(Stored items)
(* Assume the demand is i.i.d. with pmf $P_X$. Let $b\in\mathcal B$ be a constant-distribution policy that is invariant for the initial battery distribution $\theta_1$, with $S_1\sim\theta_1$ independent of $X_1\sim P_X$, $W_1=S_1-X_1$ and $Y_1\sim b(\cdot\mid W_1)$. Then $I(W_1;Y_1)=I(W_1;X_1)$.
   Context: $\mathcal X=\{0,\dots,m_x\}$, $\mathcal Y=\{0,\dots,m_y\}$, $\mathcal S=\{0,\dots,m_s\}$ with $m_x\le m_y$; $\mathcal W=\{s-x\}$; $\mathcal Y_\circ(w)=\{y\in\mathcal Y:w+y\in\mathcal S\}$; $\mathcal B$ the conditional pmfs $b(y\mid w)$ with $b(\mathcal Y_\circ(w)\mid w)=1$. Demand $X_t$ i.i.d. $\sim P_X$ independent of $S_1$. The constant-distribution policy $b$ draws $Y_t\sim b(\cdot\mid W_t)$, $W_t=S_t-X_t$, $S_{t+1}=S_t+Y_t-X_t$. With $\theta_t(s)=P(S_t=s\mid Y^{t-1}=y^{t-1})$ and $\xi_t(w)=P(W_t=w\mid Y^{t-1}=y^{t-1})$, $b$ is invariant for $\theta_1$ if $\theta_t=\theta_1$ and $\xi_t=\xi_1$ for all $t$, where $\xi_1(w)=\sum_{(x,s):s-x=w}P_X(x)\theta_1(s)$. *)

From HB Require Import structures.
From mathcomp Require Import all_boot all_order all_algebra.
From mathcomp Require Import reals exp.
Set Implicit Arguments. Unset Strict Implicit. Unset Printing Implicit Defensive.
Import Order.TTheory GRing.Theory Num.Theory.
Local Open Scope ring_scope.

Section FinProb.
Variables (R : realType) (Omega : finType) (p : Omega -> R).

Definition Pr (E : pred Omega) : R := \sum_(w | E w) p w.

(* mutual information I(F;G) of random variables F, G defined on Omega,
   as E[ ln ( P(F=f,G=g) / (P(F=f) P(G=g)) ) ]  (natural logarithm;
   outcomes of probability 0 do not contribute). *)
Definition mutinfo (A B : eqType) (F : Omega -> A) (G : Omega -> B) : R :=
  \sum_(w : Omega)
     p w * ln (Pr (fun v => (F v == F w) && (G v == G w))
               / (Pr (fun v => F v == F w) * Pr (fun v => G v == G w))).
End FinProb.

(* The battery / demand model. X = {0..mx}, Y = {0..my}, S = {0..ms};
   values of W = S - X are integers. *)
Section Model.
Variables (R : realType) (mx my ms : nat).
Variables (PX : 'I_mx.+1 -> R) (theta1 : 'I_ms.+1 -> R) (b : int -> 'I_my.+1 -> R).

Definition is_pmf (T : finType) (q : T -> R) :=
  (forall t, 0 <= q t) /\ \sum_t q t = 1.

Definition inW (w : int) : Prop :=
  exists (s : 'I_ms.+1) (x : 'I_mx.+1), w = (s : nat)%:Z - (x : nat)%:Z.

Definition inYo (w : int) (y : 'I_my.+1) : bool :=
  (0 <= w + (y : nat)%:Z) && (w + (y : nat)%:Z <= (ms : nat)%:Z).

Definition in_B : Prop :=
  forall w, inW w ->
    is_pmf (b w) /\ \sum_(y | inYo w y) b w y = 1.

(* sample space of the first n steps: (S_1, (X_1..X_n), (Y_1..Y_n)) *)
Definition Omega (n : nat) : finType :=
  ('I_ms.+1 * n.-tuple 'I_mx.+1 * n.-tuple 'I_my.+1)%type.

(* X_{i+1}, Y_{i+1} (0-based index i) as integers *)
Definition Xv n (o : Omega n) (i : nat) : int := (nth ord0 (val o.1.2) i : nat)%:Z.
Definition Yv n (o : Omega n) (i : nat) : int := (nth ord0 (val o.2) i : nat)%:Z.
(* S_{t+1} = S_1 + sum_{i<t} (Y_{i+1} - X_{i+1}), i.e. S_{t+1} = S_t + Y_t - X_t *)
Definition Sv n (o : Omega n) (t : nat) : int :=
  (o.1.1 : nat)%:Z + \sum_(i < t) (Yv o i - Xv o i).
Definition Wv n (o : Omega n) (t : nat) : int := Sv o t - Xv o t.

(* joint pmf of the first n steps under the constant-distribution policy b:
   S_1 ~ theta1, X_t iid ~ PX independent of S_1, Y_t ~ b(.|W_t) *)
Definition joint n (o : Omega n) : R :=
  theta1 o.1.1 * \prod_(i < n) (PX (tnth o.1.2 i) * b (Wv o i) (tnth o.2 i)).

Definition xi1 (w : int) : R :=
  \sum_(x : 'I_mx.+1) \sum_(s : 'I_ms.+1 | (s : nat)%:Z - (x : nat)%:Z == w)
     PX x * theta1 s.

Definition Ypre n k (yk : k.-tuple 'I_my.+1) (o : Omega n) : bool :=
  [forall i : 'I_k, nth ord0 (val o.2) i == tnth yk i].

(* invariance of b for theta1: for every t = k+1 >= 1 and every y^{t-1} = yk,
   theta_t(.) = P(S_t = . | Y^{t-1} = yk) equals theta1 and
   xi_t(.) = P(W_t = . | Y^{t-1} = yk) equals xi1.
   Conditional statements are written multiplied out:
   P(S_t = s, Y^{t-1} = yk) = theta1(s) P(Y^{t-1} = yk)  (this is the
   definition of the conditional pmf whenever P(Y^{t-1} = yk) > 0, and is
   vacuous otherwise). *)
Definition invariant_policy : Prop :=
  forall (k : nat) (yk : k.-tuple 'I_my.+1),
    (forall s : 'I_ms.+1,
       Pr (@joint k.+1) (fun o => (Sv o k == (s : nat)%:Z) && Ypre yk o)
       = theta1 s * Pr (@joint k.+1) (Ypre yk)) /\
    (forall w : int,
       Pr (@joint k.+1) (fun o => (Wv o k == w) && Ypre yk o)
       = xi1 w * Pr (@joint k.+1) (Ypre yk)).

End Model.

From HB Require Import structures.
From mathcomp Require Import all_boot all_order all_algebra.
From mathcomp Require Import reals exp ring.
Set Implicit Arguments. Unset Strict Implicit. Unset Printing Implicit Defensive.
Import Order.TTheory GRing.Theory Num.Theory.
Local Open Scope ring_scope.

(* Both W_1 + X_1 = S_1 and W_1 + Y_1 = S_2 are distributed as theta1, and
   the joint laws factor as P(W = w, X = x) = theta1(w + x) P(X = x) and, by
   invariance of b at time 2, P(W = w, Y = y) = theta1(w + y) P(Y = y).
   Hence both mutual informations equal E[ln theta1(S)] - E[ln P(W = W_1)]
   with S ~ theta1. *)

Section FiniteProbability.
Variables (R : realType) (T : finType) (p : T -> R).

Lemma eq_Pr_supp (E1 E2 : pred T) :
  (forall v, p v != 0 -> E1 v = E2 v) -> Pr p E1 = Pr p E2.
Proof.
move=> E12; rewrite /Pr [LHS]big_mkcond [RHS]big_mkcond; apply: eq_bigr => v _.
by have [->|/E12 ->] := eqVneq (p v) 0; rewrite ?if_same.
Qed.

Lemma eq_Pr (E1 E2 : pred T) : E1 =1 E2 -> Pr p E1 = Pr p E2.
Proof. exact: eq_bigl. Qed.

Lemma Pr_partition (B : finType) (G : T -> B) (E : pred T) :
  Pr p E = \sum_b Pr p (fun v => E v && (G v == b)).
Proof. by rewrite /Pr (partition_big G predT). Qed.

Lemma Pr_law_of_factor (A B : finType) (H : T -> A) (G : T -> B) (q : A -> R) :
  (forall a b, Pr p (fun v => (H v == a) && (G v == b)) = q a * Pr p (fun v => G v == b)) ->
  forall a, Pr p (fun v => H v == a) = q a * Pr p predT.
Proof.
move=> Hq a; rewrite (Pr_partition G) (Pr_partition G predT) mulr_sumr.
by apply: eq_bigr => b _; exact: Hq.
Qed.

Lemma sum_in_law (A : finType) (H : T -> A) (g : A -> R) :
  \sum_w p w * g (H w) = \sum_a g a * Pr p (fun v => H v == a).
Proof.
rewrite (partition_big H predT) //; apply: eq_bigr => a _.
by rewrite /Pr mulr_sumr; apply: eq_bigr => w /eqP <-; rewrite mulrC.
Qed.

Hypothesis p_ge0 : forall w, 0 <= p w.

Lemma Pr_ge_mass (E : pred T) w : E w -> p w <= Pr p E.
Proof.
by move=> Ew; rewrite /Pr (bigD1 w) //= lerDl; apply: sumr_ge0 => v _.
Qed.

Lemma mutinfo_factor (A B C : eqType) (F : T -> A) (G : T -> B) (H : T -> C) (q : C -> R) :
  (forall w, p w != 0 ->
     Pr p (fun v => (F v == F w) && (G v == G w)) = q (H w) * Pr p (fun v => G v == G w)) ->
  mutinfo p F G =
  \sum_w p w * ln (q (H w)) - \sum_w p w * ln (Pr p (fun v => F v == F w)).
Proof.
move=> Hq; rewrite /mutinfo -sumrB; apply: eq_bigr => w _; rewrite -mulrBr.
have [->|pw_neq0] := eqVneq (p w) 0; first by rewrite !mul0r.
have pw_gt0 : 0 < p w by rewrite lt0r pw_neq0 p_ge0.
have Pr_gt0 (E : pred T) : E w -> 0 < Pr p E.
  by move=> Ew; apply: lt_le_trans pw_gt0 (Pr_ge_mass Ew).
have PF_gt0 := Pr_gt0 (fun v => F v == F w) (eqxx _).
have PG_gt0 := Pr_gt0 (fun v => G v == G w) (eqxx _).
have PFG_gt0 : 0 < Pr p (fun v => (F v == F w) && (G v == G w)).
  by apply: Pr_gt0; rewrite !eqxx.
have q_gt0 : 0 < q (H w) by move: PFG_gt0; rewrite Hq // pmulr_lgt0.
rewrite Hq // -ln_div ?posrE //; congr (_ * ln _).
by field; rewrite !gt_eqF.
Qed.

End FiniteProbability.

Section BatteryModel.
Variables (R : realType) (mx my ms : nat).
Variables (PX : 'I_mx.+1 -> R) (theta1 : 'I_ms.+1 -> R) (b : int -> 'I_my.+1 -> R).
Hypotheses (PX_pmf : is_pmf PX) (theta1_pmf : is_pmf theta1) (b_in_B : in_B mx ms b).
Hypothesis b_invariant : invariant_policy PX theta1 b.

Local Notation Om := (Omega mx my ms).
Local Notation p1 := (@joint R mx my ms PX theta1 b 1).
Local Notation p2 := (@joint R mx my ms PX theta1 b 2).

Definition S1 (o : Om 1) : 'I_ms.+1 := o.1.1.
Definition X1 (o : Om 1) : 'I_mx.+1 := tnth o.1.2 ord0.
Definition Y1 (o : Om 1) : 'I_my.+1 := tnth o.2 ord0.
(* S_2 = W_1 + Y_1; the cast into the state alphabet is faithful only on the support of p1. *)
Definition S2 (o : Om 1) : 'I_ms.+1 := inord (absz (Wv o 0 + Yv o 0)).

Lemma Xv1E (o : Om 1) : Xv o 0 = (X1 o : nat)%:Z.
Proof. by rewrite /Xv /X1 (tnth_nth ord0). Qed.

Lemma Yv1E (o : Om 1) : Yv o 0 = (Y1 o : nat)%:Z.
Proof. by rewrite /Yv /Y1 (tnth_nth ord0). Qed.

Lemma Wv1E (o : Om 1) : Wv o 0 = (S1 o : nat)%:Z - (X1 o : nat)%:Z.
Proof. by rewrite /Wv /Sv big_ord0 addr0 Xv1E. Qed.

Lemma inW_diff (s : 'I_ms.+1) (x : 'I_mx.+1) : inW mx ms ((s : nat)%:Z - (x : nat)%:Z).
Proof. by exists s, x. Qed.

Lemma inW_Wv1 (o : Om 1) : inW mx ms (Wv o 0).
Proof. by rewrite Wv1E; apply: inW_diff. Qed.

Lemma b_ge0 w y : inW mx ms w -> 0 <= b w y.
Proof. by move=> /b_in_B [[]]. Qed.

Lemma b_sum1 w : inW mx ms w -> \sum_y b w y = 1.
Proof. by move=> /b_in_B [[]]. Qed.

Lemma inYo_of_b_neq0 w y : inW mx ms w -> b w y != 0 -> inYo ms w y.
Proof.
move=> /b_in_B [[b_nneg b_pmf] b_Yo]; apply: contraNT => y_notin; apply/eqP.
move: b_pmf; rewrite (bigID (inYo ms w)) /= b_Yo => /(canRL (addKr 1)).
by rewrite addNr => /psumr_eq0P -> // i _; apply: b_nneg.
Qed.

Lemma joint1E (o : Om 1) : p1 o = theta1 (S1 o) * (PX (X1 o) * b (Wv o 0) (Y1 o)).
Proof. by rewrite /joint big_ord1. Qed.

Lemma joint1_ge0 (o : Om 1) : 0 <= p1 o.
Proof.
rewrite joint1E !mulr_ge0 //; [exact: theta1_pmf.1 | exact: PX_pmf.1 | exact/b_ge0/inW_Wv1].
Qed.

Lemma S2E (o : Om 1) : p1 o != 0 -> (S2 o : nat)%:Z = Wv o 0 + Yv o 0.
Proof.
rewrite joint1E !mulf_eq0 => /norP [_ /norP [_ b_neq0]].
have /andP [S2_ge0 S2_le] := inYo_of_b_neq0 (inW_Wv1 o) b_neq0.
by rewrite /S2 Yv1E inordK ?gez0_abs // ltnS -lez_nat gez0_abs.
Qed.

Lemma big_Omega1 (F : Om 1 -> R) :
  \sum_(o : Om 1) F o = \sum_s \sum_x \sum_y F (s, [tuple x], [tuple y]).
Proof.
rewrite pair_bigA pair_bigA /=.
rewrite (reindex (fun t : 'I_ms.+1 * 'I_mx.+1 * 'I_my.+1 =>
  (t.1.1, [tuple t.1.2], [tuple t.2]) : Om 1)) //.
exists (fun o : Om 1 => (S1 o, X1 o, Y1 o)) => [[[s x] y] //|[[s xt] yt] _].
case: xt => -[|x []] // xt; case: yt => -[|y []] // yt.
by congr (_, _, _); apply: val_inj.
Qed.

Definition extend (o : Om 1) (x : 'I_mx.+1) (y : 'I_my.+1) : Om 2 :=
  (S1 o, [tuple X1 o; x], [tuple Y1 o; y]).

Definition prefix (o : Om 2) : Om 1 :=
  (o.1.1, [tuple tnth o.1.2 ord0], [tuple tnth o.2 ord0]).

Lemma prefix_extend o x y : prefix (extend o x y) = o.
Proof.
case: o => [[s [[|x1 []] // xt]] [[|y1 []] // yt]].
by congr (_, _, _); apply: val_inj.
Qed.

Lemma big_Omega2 (F : Om 2 -> R) :
  \sum_(o : Om 2) F o = \sum_(o : Om 1) \sum_x \sum_y F (extend o x y).
Proof.
rewrite [RHS](eq_bigr _ (fun o _ => pair_bigA _ _)) pair_bigA /=.
rewrite (reindex (fun t : Om 1 * ('I_mx.+1 * 'I_my.+1) => extend t.1 t.2.1 t.2.2)) //.
exists (fun o : Om 2 => (prefix o, (tnth o.1.2 ord_max, tnth o.2 ord_max))).
  by move=> [o [x y]] _; rewrite /= prefix_extend.
move=> [[s xt] yt] _.
case: xt => -[|x1 [|x2 []]] // xt; case: yt => -[|y1 [|y2 []]] // yt.
by congr (_, _, _); apply: val_inj.
Qed.

Lemma joint2_extend o x y :
  p2 (extend o x y) = p1 o * (PX x * b (Wv o 0 + Yv o 0 - (x : nat)%:Z) y).
Proof.
have W0 : Wv (extend o x y) 0 = Wv o 0.
  by rewrite /Wv /Sv !big_ord0 /Xv /= /X1 (tnth_nth ord0).
have W1 : Wv (extend o x y) 1 = Wv o 0 + Yv o 0 - (x : nat)%:Z.
  by rewrite /Wv /Sv big_ord1 !big_ord0 /Xv /Yv /= /X1 /Y1 !(tnth_nth ord0) addr0 addrA addrAC.
by rewrite [LHS]/joint big_ord_recr big_ord1 joint1E W0 W1 !mulrA.
Qed.

Lemma sum_joint2_extend (o : Om 1) : \sum_x \sum_y p2 (extend o x y) = p1 o.
Proof.
have [p_eq0|p_neq0] := eqVneq (p1 o) 0.
  by rewrite p_eq0 big1 // => x _; rewrite big1 // => y _; rewrite joint2_extend p_eq0 mul0r.
under eq_bigr => x _ do rewrite (eq_bigr _ (fun y _ => joint2_extend o x y)) -!mulr_sumr.
rewrite -(S2E p_neq0) -mulr_sumr.
rewrite (eq_bigr PX) ?PX_pmf.2 ?mulr1 // => x _.
by rewrite b_sum1 ?mulr1 //; apply: inW_diff.
Qed.

Lemma Pr_prefix (E : pred (Om 1)) : Pr p2 (fun o => E (prefix o)) = Pr p1 E.
Proof.
rewrite /Pr big_mkcond big_Omega2 [RHS]big_mkcond; apply: eq_bigr => o _.
under eq_bigr do under eq_bigr do rewrite prefix_extend.
case: (E o); first exact: sum_joint2_extend.
by rewrite big1 // => x _; rewrite big1.
Qed.

Lemma Sv_prefix (o : Om 2) : Sv o 1 = Wv (prefix o) 0 + Yv (prefix o) 0.
Proof.
by rewrite Wv1E Yv1E /Sv big_ord1 /Xv /Yv /S1 /X1 /Y1 /= !(tnth_nth ord0) addrA addrAC.
Qed.

Lemma Ypre_prefix (y : 'I_my.+1) (o : Om 2) : Ypre [tuple y] o = (Y1 (prefix o) == y).
Proof.
have -> : Y1 (prefix o) = tnth o.2 ord0 by [].
rewrite (tnth_nth ord0).
by apply/forallP/idP => [/(_ ord0) //|y_eq i]; rewrite (ord1 i).
Qed.

Lemma Pr_S1_X1 s x : Pr p1 (fun o => (S1 o == s) && (X1 o == x)) = theta1 s * PX x.
Proof.
rewrite /Pr big_mkcond big_Omega1.
under eq_bigr do under eq_bigr do under eq_bigr do rewrite joint1E Wv1E /S1 /X1 /Y1 /= !tnth0.
rewrite (bigD1 s) //= [X in _ + X]big1 ?addr0 => [|s' /negPf s'_ne]; last first.
  by rewrite big1 // => x' _; rewrite big1 // => y' _; rewrite s'_ne.
rewrite (bigD1 x) //= [X in _ + X]big1 ?addr0 => [|x' /negPf x'_ne]; last first.
  by rewrite big1 // => y' _; rewrite x'_ne andbF.
by rewrite !eqxx /= -!mulr_sumr b_sum1 ?mulr1 //; apply: inW_diff.
Qed.

Lemma Pr_X1 x : Pr p1 (fun o => X1 o == x) = PX x.
Proof.
rewrite (Pr_partition _ S1) (eq_bigr (fun s => theta1 s * PX x)) => [|s _].
  by rewrite -mulr_suml theta1_pmf.2 mul1r.
by rewrite -Pr_S1_X1; apply: eq_Pr => o; rewrite andbC.
Qed.

Lemma Pr_S2_Y1 s y :
  Pr p1 (fun o => (S2 o == s) && (Y1 o == y)) = theta1 s * Pr p1 (fun o => Y1 o == y).
Proof.
have [inv_state _] := b_invariant [tuple y].
transitivity (Pr p1 (fun o => (Wv o 0 + Yv o 0 == (s : nat)%:Z) && (Y1 o == y))).
  by apply: eq_Pr_supp => o p_neq0; rewrite -(S2E p_neq0) eqz_nat.
rewrite -!Pr_prefix -(eq_Pr _ (Ypre_prefix y)) -inv_state.
by apply: eq_Pr => o; rewrite Ypre_prefix Sv_prefix.
Qed.

Lemma Pr_W1_X1 w :
  Pr p1 (fun v => (Wv v 0 == Wv w 0) && (Xv v 0 == Xv w 0))
  = theta1 (S1 w) * Pr p1 (fun v => Xv v 0 == Xv w 0).
Proof.
have eqX v : (Xv v 0 == Xv w 0) = (X1 v == X1 w) by rewrite !Xv1E eqz_nat.
rewrite (eq_Pr _ eqX) Pr_X1 -Pr_S1_X1; apply: eq_Pr => v; rewrite eqX !Wv1E.
have [->|_] := eqVneq (X1 v) (X1 w); last by rewrite !andbF.
by rewrite !andbT (inj_eq (addIr _)) eqz_nat.
Qed.

Lemma Pr_W1_Y1 w : p1 w != 0 ->
  Pr p1 (fun v => (Wv v 0 == Wv w 0) && (Yv v 0 == Yv w 0))
  = theta1 (S2 w) * Pr p1 (fun v => Yv v 0 == Yv w 0).
Proof.
move=> pw_neq0.
have eqY v : (Yv v 0 == Yv w 0) = (Y1 v == Y1 w) by rewrite !Yv1E eqz_nat.
rewrite (eq_Pr _ eqY) -Pr_S2_Y1; apply: eq_Pr_supp => v pv_neq0.
have [Y_eq|Y_ne] := eqVneq (Yv v 0) (Yv w 0); last by rewrite -eqY (negbTE Y_ne) !andbF.
rewrite -eqY Y_eq eqxx !andbT -(inj_eq (addIr (Yv w 0))) -{1}Y_eq.
by rewrite -!S2E // eqz_nat.
Qed.

Lemma mutinfo_WY_eq_WX :
  mutinfo p1 (fun o => Wv o 0) (fun o => Yv o 0) = mutinfo p1 (fun o => Wv o 0) (fun o => Xv o 0).
Proof.
rewrite (mutinfo_factor joint1_ge0 Pr_W1_Y1) (mutinfo_factor joint1_ge0 (fun w _ => Pr_W1_X1 w)).
have law_S1 s : Pr p1 (fun o => S1 o == s) = theta1 s * Pr p1 predT.
  by apply: (Pr_law_of_factor (G := X1)) => {}s x; rewrite Pr_S1_X1 Pr_X1.
congr (_ - _); rewrite (sum_in_law _ S2 (fun s => ln (theta1 s))).
rewrite (sum_in_law _ S1 (fun s => ln (theta1 s))); apply: eq_bigr => s _.
by rewrite (Pr_law_of_factor Pr_S2_Y1) law_S1.
Qed.

End BatteryModel.

Theorem lemma7 (R : realType) (mx my ms : nat)
    (PX : 'I_mx.+1 -> R) (theta1 : 'I_ms.+1 -> R) (b : int -> 'I_my.+1 -> R) :
  (mx <= my)%N ->
  is_pmf PX -> is_pmf theta1 ->
  in_B mx ms b ->
  invariant_policy PX theta1 b ->
  mutinfo (@joint R mx my ms PX theta1 b 1)
          (fun o => Wv o 0) (fun o => Yv o 0)
  = mutinfo (@joint R mx my ms PX theta1 b 1)
          (fun o => Wv o 0) (fun o => Xv o 0).
Proof. by move=> _; exact: mutinfo_WY_eq_WX. Qed.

> _TASK REQUIREMENTS_
Wherever the string "mutual" appears in the records, copy the whole line.

> _WRITTEN REPLY_
(* mutual information I(F;G) of random variables F, G defined on Omega,
   Hence both mutual informations equal E[ln theta1(S)] - E[ln P(W = W_1)]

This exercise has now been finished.